--- EXTRACTED MATERIAL Enclosed Below ---

(* Let $q \neq 2$ be a prime power, let $n \geq 1$ be an integer, and let $W$ be the $n$-dimensional affine space over the finite field $\mathbb{F}_q$. Let $A_1,\ldots,A_m$ and $B_1,\ldots,B_m$ be affine subspaces of $W$ such that $A_i \cap B_i = \emptyset$ for each $1 \leq i \leq m$, and $A_i \cap B_j \neq \emptyset$ whenever $1 \leq i < j \leq m$. Then $m \leq q^n + 1$.
   Context: An affine subspace of $W = \mathbb{F}_q^n$ is a translate $v + U$ of a linear subspace $U$ of $\mathbb{F}_q^n$. *)

From mathcomp Require Import all_boot all_order all_algebra.
Set Implicit Arguments. Unset Strict Implicit. Unset Printing Implicit Defensive.
Import GRing.Theory.
Local Open Scope ring_scope.

(* W = F_q^n is modelled as row vectors 'rV[F]_n over a finite field F.
   A linear subspace U of W is the row space of a square matrix U : 'M[F]_n
   (every subspace arises this way). *)
Definition affine_translate (F : finFieldType) (n : nat)
    (v : 'rV[F]_n) (U : 'M[F]_n) : {set 'rV[F]_n} :=
  [set x | (x - v <= U)%MS].

Definition is_affine_subspace (F : finFieldType) (n : nat)
    (S : {set 'rV[F]_n}) : Prop :=
  exists (v : 'rV[F]_n) (U : 'M[F]_n), S = affine_translate v U.

(** Disjoint affine subspaces A, B are separated by a nonzero linear form r:
    x r takes one value on A and another on B.  If the pairs i < j < k had
    proportional forms, rescaling to a common form r would give
    r(A_j) = r(B_k) = r(A_i) = r(B_j), contradicting the separation of A_j
    and B_j.  So each class of proportional forms carries at most two
    indices; sending the first to a fixed representative r and the second to
    c r, for a scalar c other than 0 and 1 (this is where q <> 2 is used),
    injects the indices into F^n, whence m <= q^n. *)
From mathcomp Require Import all_boot all_order all_algebra.
Set Implicit Arguments. Unset Strict Implicit. Unset Printing Implicit Defensive.
Import GRing.Theory.
Local Open Scope ring_scope.

Lemma finField_exists_neq01 (F : finFieldType) :
  #|F| != 2 -> exists2 c : F, c != 0 & c != 1.
Proof.
move=> F_neq2; apply/exists_inP; apply: contraR F_neq2 => /exists_inPn F01.
have -> : #|F| = #|[set (0 : F); 1]|.
  apply: eq_card => x; rewrite !inE; case: eqP => //= /eqP x_neq0.
  by apply/esym/negPn/F01.
by rewrite cards2 (eq_sym 0) oner_eq0.
Qed.

Section AffineSeparation.
Variables (F : finFieldType) (n : nat).
Implicit Types (u v w x y : 'rV[F]_n) (U V : 'M[F]_n) (r : 'cV[F]_n).

Lemma affine_translate_level v U r x :
  U *m r = 0 -> x \in affine_translate v U -> x *m r = v *m r.
Proof.
move=> Ur; rewrite inE => /submxP[D xv].
by apply/eqP; rewrite -subr_eq0 -mulmxBl xv -mulmxA Ur mulmx0.
Qed.

Lemma affine_translate_meet v w U V :
  (w - v <= U + V)%MS -> affine_translate v U :&: affine_translate w V != set0.
Proof.
case/sub_addsmxP=> -[/= u1 u2] wv; apply/set0Pn; exists (v + u1 *m U).
rewrite !inE addrAC subrr add0r submxMl /=.
have -> : v + u1 *m U - w = - (u2 *m V).
  by rewrite addrAC -opprB wv opprD addrAC addNr add0r.
by rewrite -mulNmx submxMl.
Qed.

Lemma notsubmx_annihilator p (W : 'M[F]_(p, n)) w :
  ~~ (w <= W)%MS -> exists2 r : 'cV_n, W *m r = 0 & w *m r != 0.
Proof.
rewrite submxE => /matrix0Pn[i [k wk_neq0]].
exists (col k (cokermx W)).
  by rewrite colE mulmxA mulmx_coker mul0mx.
apply: contraNneq wk_neq0; rewrite colE mulmxA -colE => /matrixP/(_ i 0).
by rewrite !mxE => ->.
Qed.

Definition separates r (A B : {set 'rV[F]_n}) :=
  [/\ {in A &, forall x y, x *m r = y *m r},
      {in B &, forall x y, x *m r = y *m r} &
      {in A & B, forall x y, x *m r != y *m r}].

Lemma separatesZ r (a : F) A B :
  a != 0 -> separates r A B -> separates (a *: r) A B.
Proof.
move=> a_neq0 [rA rB rAB]; split=> x y xA yB; rewrite -!scalemxAr.
- by rewrite (rA x y).
- by rewrite (rB x y).
- by apply: contra (rAB x y xA yB) => /eqP/(can_inj (scalerK a_neq0))->.
Qed.

Lemma submx_annihilated (X W : 'M[F]_n) r :
  (X <= W)%MS -> W *m r = 0 -> X *m r = 0.
Proof. by case/submxP=> D -> Wr; rewrite -mulmxA Wr mulmx0. Qed.

Lemma affine_separator A B :
  is_affine_subspace A -> is_affine_subspace B -> A :&: B = set0 ->
  exists2 r : 'cV_n, separates r A B & r != 0.
Proof.
move=> [v [U ->]] [w [V ->]] disjAB.
have /notsubmx_annihilator[r UVr wvr] : ~~ (w - v <= U + V)%MS.
  by apply/negP => /(@affine_translate_meet v w U V); rewrite disjAB eqxx.
have levelA := affine_translate_level (submx_annihilated (addsmxSl U V) UVr).
have levelB := affine_translate_level (submx_annihilated (addsmxSr U V) UVr).
exists r; last by apply: contraNneq wvr => ->; rewrite mulmx0.
split=> x y xA yB.
- by rewrite (levelA _ _ xA) (levelA _ _ yB).
- by rewrite (levelB _ _ xA) (levelB _ _ yB).
- by rewrite (levelA _ _ xA) (levelB _ _ yB) eq_sym -subr_eq0 -mulmxBl.
Qed.

Lemma separates_chain3 r (A1 B1 A2 B2 A3 B3 : {set 'rV[F]_n}) :
  separates r A1 B1 -> separates r A2 B2 -> separates r A3 B3 ->
  A1 :&: B2 != set0 -> A1 :&: B3 != set0 -> A2 :&: B3 != set0 -> False.
Proof.
move=> [rA1 _ _] [_ _ rA2B2] [_ rB3 _].
case/set0Pn=> x12 /setIP[x12A1 x12B2]; case/set0Pn=> x13 /setIP[x13A1 x13B3].
case/set0Pn=> x23 /setIP[x23A2 x23B3].
move: (rA2B2 x23 x12 x23A2 x12B2).
by rewrite -(rB3 x13 x23) // (rA1 x12 x13) // eqxx.
Qed.

End AffineSeparation.

Section Proportionality.
Variables (F : finFieldType) (n : nat).
Implicit Types u v w : 'cV[F]_n.

Definition proportional u v := [exists a : F, (a != 0) && (v == a *: u)].

Lemma proportionalP u v :
  reflect (exists2 a : F, a != 0 & v = a *: u) (proportional u v).
Proof.
apply: (iffP existsP) => -[a]; first by case/andP=> a_neq0 /eqP ->; exists a.
by move=> a_neq0 ->; exists a; rewrite a_neq0 eqxx.
Qed.

Lemma proportional_refl u : proportional u u.
Proof. by apply/proportionalP; exists 1; rewrite ?oner_eq0 ?scale1r. Qed.

Lemma proportional_sym u v : proportional u v -> proportional v u.
Proof.
case/proportionalP=> a a_neq0 ->; apply/proportionalP; exists a^-1.
  by rewrite invr_eq0.
by rewrite scalerA mulVf ?scale1r.
Qed.

Lemma proportional_trans u v w :
  proportional u v -> proportional v w -> proportional u w.
Proof.
case/proportionalP=> a a_neq0 ->; case/proportionalP=> b b_neq0 ->.
by apply/proportionalP; exists (b * a); rewrite ?mulf_neq0 ?scalerA.
Qed.

Lemma proportional_neq0 u v : u != 0 -> proportional u v -> v != 0.
Proof.
by move=> u_neq0 /proportionalP[a a_neq0 ->]; rewrite scalemx_eq0 negb_or a_neq0.
Qed.

Definition proportional_rep u := odflt u [pick v | proportional u v].

Lemma proportional_rep_spec u : proportional u (proportional_rep u).
Proof.
by rewrite /proportional_rep; case: pickP => [v //|_]; apply: proportional_refl.
Qed.

Lemma proportional_rep_eq u v :
  proportional u v -> proportional_rep u = proportional_rep v.
Proof.
move=> uv; rewrite /proportional_rep.
have -> : [pick w | proportional u w] = [pick w | proportional v w].
  apply: eq_pick => w /=; apply/idP/idP; last exact: proportional_trans.
  exact/proportional_trans/proportional_sym.
by case: pickP => // /(_ v); rewrite proportional_refl.
Qed.

End Proportionality.

Section CrossingFamily.
Variables (F : finFieldType) (n m : nat).
Variables (A B : 'I_m -> {set 'rV[F]_n}) (l : 'I_m -> 'cV[F]_n).
Hypothesis l_sep : forall i, separates (l i) (A i) (B i).
Hypothesis l_neq0 : forall i, l i != 0.
Hypothesis crossing : forall i j : 'I_m, (i < j)%N -> A i :&: B j != set0.

Let r i := proportional_rep (l i).

Lemma separates_rep i : separates (r i) (A i) (B i).
Proof.
rewrite /r; have /proportionalP[a a_neq0 ->] := proportional_rep_spec (l i).
exact: separatesZ.
Qed.

Let r_neq0 i : r i != 0.
Proof. exact: proportional_neq0 (l_neq0 i) (proportional_rep_spec _). Qed.

Lemma no_proportional_chain3 (i j k : 'I_m) :
  (i < j < k)%N -> proportional (l i) (l j) -> proportional (l j) (l k) -> False.
Proof.
case/andP=> lt_ij lt_jk /proportional_rep_eq ri_rj /proportional_rep_eq rj_rk.
have := separates_rep i; have := separates_rep j; have := separates_rep k.
rewrite -/(r i) -/(r j) -/(r k) in ri_rj rj_rk.
rewrite -rj_rk -ri_rj => sep_k sep_j sep_i.
apply: (separates_chain3 sep_i sep_j sep_k); apply: crossing => //.
exact: ltn_trans lt_jk.
Qed.

Definition has_earlier_proportional (i : 'I_m) :=
  [exists j : 'I_m, (j < i)%N && proportional (l j) (l i)].

Variable c : F.
Hypotheses (c_neq0 : c != 0) (c_neq1 : c != 1).

Definition crossing_code i := (if has_earlier_proportional i then c else 1) *: r i.

Let code_scale_neq0 i : (if has_earlier_proportional i then c else 1) != 0.
Proof. by case: ifP; rewrite ?oner_eq0. Qed.

Lemma crossing_code_proportional i j :
  crossing_code i = crossing_code j -> proportional (l i) (l j).
Proof.
move=> code_ij; apply: proportional_trans (proportional_rep_spec _) _.
apply: proportional_trans (proportional_sym (proportional_rep_spec (l j))).
move: code_ij (code_scale_neq0 i) (code_scale_neq0 j).
rewrite /crossing_code -/(r i) -/(r j).
set a := (if _ then _ else _); set b := (if _ then _ else _).
move=> code_ij a_neq0 b_neq0; apply/proportionalP; exists (b^-1 * a).
  by rewrite mulf_neq0 ?invr_eq0.
by rewrite -scalerA code_ij scalerA mulVf ?scale1r.
Qed.

Lemma crossing_code_inj : injective crossing_code.
Proof.
move=> i j code_ij; have prop_ij := crossing_code_proportional code_ij.
wlog lt_ij : i j code_ij prop_ij / (i < j)%N.
  move=> wlog_lt; case: (ltngtP i j) => [lt_ij|lt_ji|/val_inj //].
    exact: wlog_lt.
  by apply/esym/wlog_lt => //; apply: proportional_sym.
have earlier_j : has_earlier_proportional j by apply/existsP; exists i; rewrite lt_ij.
have no_earlier_i : ~~ has_earlier_proportional i.
  apply/existsP => -[k /andP[lt_ki prop_ki]].
  by apply: (@no_proportional_chain3 k i j); rewrite ?lt_ki.
move: code_ij; rewrite /crossing_code (negbTE no_earlier_i) earlier_j scale1r.
rewrite {1}/r (proportional_rep_eq prop_ij) -/(r j) => /eqP.
rewrite -subr_eq0 -{1}(scale1r (r j)) -scalerBl scalemx_eq0 subr_eq0 eq_sym.
by rewrite (negbTE c_neq1) (negbTE (r_neq0 j)).
Qed.

Lemma card_crossing_family : (m <= #|F| ^ n)%N.
Proof.
by have := leq_card _ crossing_code_inj; rewrite card_ord card_mx muln1.
Qed.

End CrossingFamily.

Theorem theorem1p4 (F : finFieldType) (n m : nat)
    (A B : 'I_m -> {set 'rV[F]_n}) :
  #|F| != 2 -> (1 <= n)%N ->
  (forall i, is_affine_subspace (A i)) ->
  (forall i, is_affine_subspace (B i)) ->
  (forall i, A i :&: B i = set0) ->
  (forall i j : 'I_m, (i < j)%N -> A i :&: B j != set0) ->
  (m <= #|F| ^ n + 1)%N.
Proof.
move=> F_neq2 _ affA affB disjAB crossAB.
have [c c_neq0 c_neq1] := finField_exists_neq01 F_neq2.
have [l l_sep l_neq0] :=
  fin_all_exists2 (fun i => affine_separator (affA i) (affB i) (disjAB i)).
have := card_crossing_family l_sep l_neq0 crossAB c_neq0 c_neq1.
by move/leq_trans; apply; rewrite leq_addr.
Qed.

--- End of Enclosed EXTRACTED MATERIAL ---

- [TASK PROMPT] From the entries above, return exactly the line containing "by rewrite cards2 (eq_sym 0) oner_eq0.", the line containing "Lemma affine_translate_level v", and all lines between, and nothing else.

- [RESPONSE TO THE EXERCISE]
by rewrite cards2 (eq_sym 0) oner_eq0.
Qed.

Section AffineSeparation.
Variables (F : finFieldType) (n : nat).
Implicit Types (u v w x y : 'rV[F]_n) (U V : 'M[F]_n) (r : 'cV[F]_n).

Lemma affine_translate_level v U r x :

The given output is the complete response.